GSA reopens financial schedule

The General Services Administration last month reopened its schedule for auditing and financial management services in what agency officials hope is a move that will fill a growing gap at agencies experiencing shrinking staffs and growing auditing troubles.

Several federal regulations and mandates—including the Government Management and Reform Act, the Federal Financial Management Improvement Act and the Government Performance and Results Act—require agencies to audit programs and financial management.

But with reductions in the federal work force, agencies have fewer employees to run, monitor and audit programs, and many agencies are turning to commercial outsourcing and the GSA Federal Supply Service's Auditing Services and Financial Management Services (AS/FMS) schedule.

"This is to assist federal agencies with complying with those mandates," said Alexandra Walter, a contract specialist at FSS. "They're not new mandates, but as more and more agencies are being downsized, they have fewer people available to do these things."

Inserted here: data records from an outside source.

(* Let $A=\begin{pmatrix} a&b\\ c&d\end{pmatrix}\in F$. Then $A$ commutes with both $C_1$ and $C_2$ if and only if $b=f_4h_2$, $c=-f_4h_3$, $d=a+f_1h_1+f_4h_4$ for some $f_1,f_4\in K[X]$.
   Context: $K$ is an infinite field of characteristic different from 2. Let $X=\{x_1,x_2,x_1',x_2'\}$ and $Y=\{y_1,y_2,y_1',y_2'\}$, and let $K[X;Y]\cong K[X]\otimes_K E(Y)$ be the free supercommutative algebra: the $x$'s are even commuting variables, the $y$'s are odd pairwise anticommuting variables, and $E(Y)$ is the Grassmann algebra on the vector space with basis $Y$. Put $C_1=\begin{pmatrix} x_1&y_1\\ y_1'&x_1'\end{pmatrix}$, $C_2=\begin{pmatrix} x_2&y_2\\ y_2'&x_2'\end{pmatrix}$, and let $F=K[C_1,C_2]$ be the unital $K$-subalgebra of $M_2(K[X;Y])$ generated by $C_1,C_2$. Define $h_1=y_1y_2y_1'y_2'$, $h_2=y_1y_2\big(y_1'(x_2'-x_2)-y_2'(x_1'-x_1)\big)$, $h_3=y_1'y_2'\big(y_1(x_2'-x_2)-y_2(x_1'-x_1)\big)$, $h_4=\big(y_1'(x_2'-x_2)-y_2'(x_1'-x_1)\big)\big(y_1(x_2'-x_2)-y_2(x_1'-x_1)\big)$. *)

From HB Require Import structures.
From mathcomp Require Import all_boot all_order all_algebra.
From mathcomp Require Import mpoly.
Set Implicit Arguments. Unset Strict Implicit. Unset Printing Implicit Defensive.
Import Order.TTheory GRing.Theory.
Local Open Scope ring_scope.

The schedule has been available for a year, but GSA is reopening the schedule as an open-season, standing solicitation. This allows additional vendors to come onto the schedule as technologies and needs change, Walter said.

GSA also can modify and add functional areas to the schedule. Two areas added in this solicitation include recovery audits, which help agencies identify overpayments to vendors, and the ability for agencies to outsource reoccurring financial management services such as payroll, application and claims processing.

At the same time GSA reopened the financial management schedule, the General Accounting Office released the second full audit of the government—the 1998 Consolidated Financial Statements of the United States Government—and found that it could not provide a full opinion on the reliability of agencies' financial statements because agencies had many deficiencies in financial systems and reporting.

As a result, Rep. Steve Horn (R-Calif.), chairman of the Government Management, Information and Technology Subcommittee, gave half of the agencies audited in the GAO report failing grades on their ability to manage financial information [FCW, April 5].

Many of the weaknesses in agencies' financial information can be attributed to old financial management systems that do not meet current requirements, a lack of complete processes and controls, and poorly trained personnel, according to a written statement that GAO comptroller general David Walker submitted to the subcommittee.

The AS/FMS schedule covers most of the areas addressed by Horn and the GAO report, including financial and performance audits; financial planning, management and systems controls; and inventory management services. In addition to providing a staff that can conduct audits and create or modify systems, vendors also can offer training, course development and instruction.

Many agencies are glad to take advantage of such a readily available vehicle, but while GSA has made the task of improving systems and processes easier, it does not complete the job, said Karen Alderman, director of the Joint Financial Management Improvement Program, a federal group funded by the Treasury Department that promotes best practices for financial management.

"It's one thing to reduce the cost of acquiring services and systems...but the actual acquisition of the services and systems, implementing the systems and conducting the change management at the agency to take advantage of that also takes a lot of resources," she said.